Возможно, антропогенез смеха и комизма связан с состояниями экстатической истерии архаического человека и древнейшими сублимациями ужаса как позитивной кальки испуга — ср. «нервный смех»; реакция на внезапный «казус». Архаический гротеск (палеолитические «Венеры», жутковатые монстры-тотемы, славянское «Идолище») не только структурно, но и «идеологически» изоморфны авторскому гротескному образу. «Капричос» (1797-1798) Гойи в той же мере сохраняет магию заклятия злой стихии, в какой «Нос» (1836) Гоголя простодушно раскрыт в своих фаллических коннотациях, хотя идея повести совсем иная: ничтожен мир, в котором часть меня самого больше моего «я». Объективно-страшное выводится здесь за рамки реального в область условно-зрелищного.
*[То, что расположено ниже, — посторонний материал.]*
(* Let $X\sim P_X$, teacher partition $(\Omega_k^\star)$ with experts $f_k^\star$, $\mu=\sum_k\mathbf{1}_{\Omega_k^\star}f_k^\star$, $|\mu(X)|\le B$ a.s., $Y=\mu(X)+\xi$ with $\mathbb{E}[\xi\mid X]=0$, $\mathbb{E}\xi^2<\infty$. Let student experts satisfy $\sup_{k,x}|f_k(x;\theta_k)|\le B_{\mathrm{stu}}$ for all parameters considered. Assume there are $\gamma_{\mathrm{gap}}>0$, $\eta_{\mathrm{gap}}\in[0,1)$ such that for every $\theta$ considered there is a permutation $\pi$ with $P_X(\{x\in\Omega_k^\star:(f_j(x;\theta_j)-f_k^\star(x))^2\le\gamma_{\mathrm{gap}}\})\le\eta_{\mathrm{gap}}$ for all $k$ and $j\ne\pi(k)$ (such $\pi$ is an admissible matching for $\theta$). Fix $\varepsilon\in(0,1/2)$ with $2\varepsilon B_{\mathrm{stu}}\le\frac12\sqrt{\gamma_{\mathrm{gap}}}$. Then for all $(\theta,\phi)$, all $\tau>0$ and every admissible matching $\pi$ for $\theta$, \[\mathbb{E}\big[(\mu(X)-h_{\theta,\phi,\tau}(X))^2\mathbf{1}_{\{X\in\mathcal{G}_\varepsilon(\tau;\phi)\}}\big]\ge\frac{\gamma_{\mathrm{gap}}}{4}\max\{P_X(\mathcal{E}_{\mathrm{mis}}(\pi;\theta,\phi,\tau))-K(K-1)\eta_{\mathrm{gap}},0\}.\] Consequently, if $\widetilde L_\tau(\theta,\phi)\le R$ then $P_X(\mathcal{E}_{\mathrm{mis}}(\pi;\theta,\phi,\tau))\le\frac{4R}{\gamma_{\mathrm{gap}}}+K(K-1)\eta_{\mathrm{gap}}$.
   Context: $p_k^{(\tau)}(x;\phi)=e^{a_k(x;\phi)/\tau}/\sum_je^{a_j(x;\phi)/\tau}$; $h_{\theta,\phi,\tau}=\sum_kp_k^{(\tau)}f_k(\cdot;\theta_k)$; $\widetilde L_\tau(\theta,\phi)=\mathbb{E}[(\mu(X)-h_{\theta,\phi,\tau}(X))^2]$; $\mathcal{G}_\varepsilon(\tau;\phi)=\{x:\max_kp_k^{(\tau)}(x;\phi)>1-\varepsilon\}$; $\mathcal{E}_{\mathrm{mis}}(\pi;\theta,\phi,\tau)=\{x\in\mathcal{X}:x\in\Omega_k^\star\text{ and }p_j^{(\tau)}(x;\phi)\ge1-\varepsilon\text{ for some }k\text{ and some }j\ne\pi(k)\}\cap\mathcal{G}_\varepsilon(\tau;\phi)$. *)

From HB Require Import structures.
From mathcomp Require Import all_boot all_order all_algebra all_fingroup.
From mathcomp Require Import all_classical all_reals all_analysis.
Set Implicit Arguments. Unset Strict Implicit. Unset Printing Implicit Defensive.
Import Order.TTheory GRing.Theory Num.Theory.
Local Open Scope classical_set_scope.
Local Open Scope ring_scope.

Section MoE.
Context {R : realType} {T : Type} {K : nat} {Theta Phi : Type}.

Definition teacher_mu (Omega : 'I_K -> set T) (fstar : 'I_K -> T -> R) (x : T) : R :=
  \sum_(k < K) \1_(Omega k) x * fstar k x.

Definition gate_p (a : 'I_K -> Phi -> T -> R) (phi : Phi) (tau : R)
  (k : 'I_K) (x : T) : R :=
  expR (a k phi x / tau) / \sum_(j < K) expR (a j phi x / tau).

Definition student_h (f : 'I_K -> Theta -> T -> R) (a : 'I_K -> Phi -> T -> R)
  (theta : Theta) (phi : Phi) (tau : R) (x : T) : R :=
  \sum_(k < K) gate_p a phi tau k x * f k theta x.

Definition conf_region (a : 'I_K -> Phi -> T -> R) (phi : Phi) (tau eps : R) : set T :=
  [set x | 1 - eps < \big[Num.max/0]_(k < K) gate_p a phi tau k x].

Definition mis_event (Omega : 'I_K -> set T) (a : 'I_K -> Phi -> T -> R)
  (pi : {perm 'I_K}) (phi : Phi) (tau eps : R) : set T :=
  [set x | exists k j, Omega k x /\ j != pi k /\ 1 - eps <= gate_p a phi tau j x]
  `&` conf_region a phi tau eps.

End MoE.

Definition admissible {d} {T : measurableType d} {R : realType} {K : nat} {Theta : Type}
  (P : probability T R) (Omega : 'I_K -> set T) (fstar : 'I_K -> T -> R)
  (f : 'I_K -> Theta -> T -> R) (gamma eta : R) (theta : Theta) (pi : {perm 'I_K}) : Prop :=
  forall k j : 'I_K, j != pi k ->
    (P (Omega k `&` [set x | ((f j theta x - fstar k x) ^+ 2 <= gamma)%R]) <= eta%:E)%E.

From HB Require Import structures.
From mathcomp Require Import all_boot all_order all_algebra all_fingroup.
From mathcomp Require Import all_classical all_reals all_analysis.
From mathcomp Require Import measurable_realfun.
From mathcomp.algebra_tactics Require Import lra.
Set Implicit Arguments. Unset Strict Implicit. Unset Printing Implicit Defensive.
Import Order.TTheory GRing.Theory Num.Theory.
Local Open Scope classical_set_scope.
Local Open Scope ring_scope.
Lemma unramify_neq_top top t : is_top top -> ramified t -> unramify t != top.
Proof.
move=> htop [b [m [t_bm m_neq1]]]; apply/eqP => u_top.
have [/= _ m_gt0 b_le m_le] := tmult_gt0 t_bm.
have := leq_mass (tmult t) (fun q => (q.1 == b) * q.2) (inord b, inord m).
rewrite /pair_nat /= !inordK ?ltnS // eqxx mul1n.
have := tmult_unramify t (b, 1); rewrite u_top htop /unram_mult /= => <-.
have := leq_mul t_bm (_ : 1 < m); case: (_ == _); lia.
Qed.

Lemma single_part_top top t b : is_top top ->
  (forall p, tmult t (pair_nat p) = (pair_nat p == (b, 1))) -> t = top.
Proof.
move=> htop Et.
have deg : mass (fun q => q == (b, 1)) (fun q => q.1 * q.2) = d.
  by rewrite -[RHS](mass_degree t); apply: eq_bigr => p _; rewrite Et.
have [b_le|b_gt] := leqP b d.
  rewrite mass_delta //= muln1 in deg; rewrite deg in Et.
  by apply: tmult_inj => p; rewrite Et htop.
rewrite /mass big1 in deg => [|p _]; first by move: d_gt0; rewrite -[X in 0 < X]deg.
by rewrite xpair_eqE ltn_eqF ?mul0n // (leq_trans (ltn_ord p.1)).
Qed.

Lemma unramified_top_or_merge top t : is_top top -> unramified t ->
  t = top \/ exists b1 b2, [/\ 0 < b1, 0 < b2 &
    forall q, (q == (b1, 1)) + (q == (b2, 1)) <= tmult t q].
Proof.
move=> htop unr.
have /mass_gt0 [p1 [t_p1 _]] : 0 < mass (tmult t) (fun q => q.1 * q.2).
  by rewrite mass_degree.
move: t_p1; rewrite /pair_nat; set b1 := nat_of_ord p1.1; move=> t_p1.
have p1_2 := unr _ _ t_p1; rewrite p1_2 in t_p1.
have [/= b1_gt0 _ _ _] := tmult_gt0 t_p1.
pose g q := tmult t q - (q == (b1, 1)).
have g_t q : g q + (q == (b1, 1)) = tmult t q by rewrite subnK //; case: eqP => // ->.
have [g0|/mass_gt0 [p2 [g_p2 _]]] := posnP (mass g (fun=> 1)).
  left; apply: (single_part_top (b := b1) htop) => p.
  by rewrite -g_t; have := leq_mass g (fun=> 1) p; rewrite g0 muln1 leqn0 => /eqP ->.
right; move: g_p2; rewrite /pair_nat; set b2 := nat_of_ord p2.1; move=> g_p2.
have t_p2 := leq_trans g_p2 (leq_subr _ _).
have p2_2 := unr _ _ t_p2; rewrite p2_2 in g_p2 t_p2.
have [/= b2_gt0 _ _ _] := tmult_gt0 t_p2.
exists b1, b2; split=> // q; rewrite -g_t addnC leq_add2r.
by case: eqP => [->|].
Qed.

Definition parts t : nat := mass (tmult t) (fun=> 1).

Lemma unramified_le_top top t : is_top top -> unramified t -> type_le t top.
Proof.
move=> htop; have [n] := ubnP (parts t); elim: n t => // n IH t lt_tn unr.
have [->|[b1 [b2 [b1_gt0 b2_gt0 le_t]]]] := unramified_top_or_merge htop unr.
  exact: rt_refl.
have [c Ec] := merge_exists b1_gt0 b2_gt0 le_t.
have merge : merge_step t c by exists b1, b2, 1.
apply: rt_trans (rt_step _ _ _ _ (or_introl merge)) (IH c _ _).
  by have := merge_mass (fun=> 1) b1_gt0 b2_gt0 Ec; rewrite /parts /= in lt_tn *; lia.
exact: unramified_step (or_introl merge) unr.
Qed.

Lemma unramify_interval t k : ramified t ->
  [/\ type_le t k, k != t & ~ ramified k] <-> type_le (unramify t) k.
Proof.
move=> ram; split=> [[le_tk _ /unramified_not_ramified unr] | le_uk].
  by apply/unramify_le.
have unr := unramified_le le_uk (@unramify_unramified t).
split; first exact/(unramify_le _ unr).
  by apply: contraPneq ram => <-; apply/unramified_not_ramified.
exact/unramified_not_ramified.
Qed.

End Types.

Section Mobius.
Local Open Scope ring_scope.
Комическое инсценирует жизнь по ту сторону здравого смысла, вовлекает ее в игру по альтернации внутренних содержаний, размягчению и распылению догматически отвердевшей угрюмой серьезности. Комика есть эстетическая игра в перевертыши ценностных иерархий и легализация обратимой логики вывернутого наизнанку мира. Праздничный смех на площади имитирует ритмику вечного календарного возврата в рай всеобщего благоденствия, разыгрывает мечту «о жизни преизбыточествующей», — по названию книги Н.С. Арсеньева (Брюссель, 1966). Смеху довольных жизнью людей в картине живописной крестьянской утопии Е. Честнякова «Город всеобщего благоденствия» отвечает утопия литературная (напр., А. Чаянова, автор которой в интерьер обитания героя автор благоразумно поместил вещь классика гротеска — П. Брейгеля Старшего («Мужицкого»)).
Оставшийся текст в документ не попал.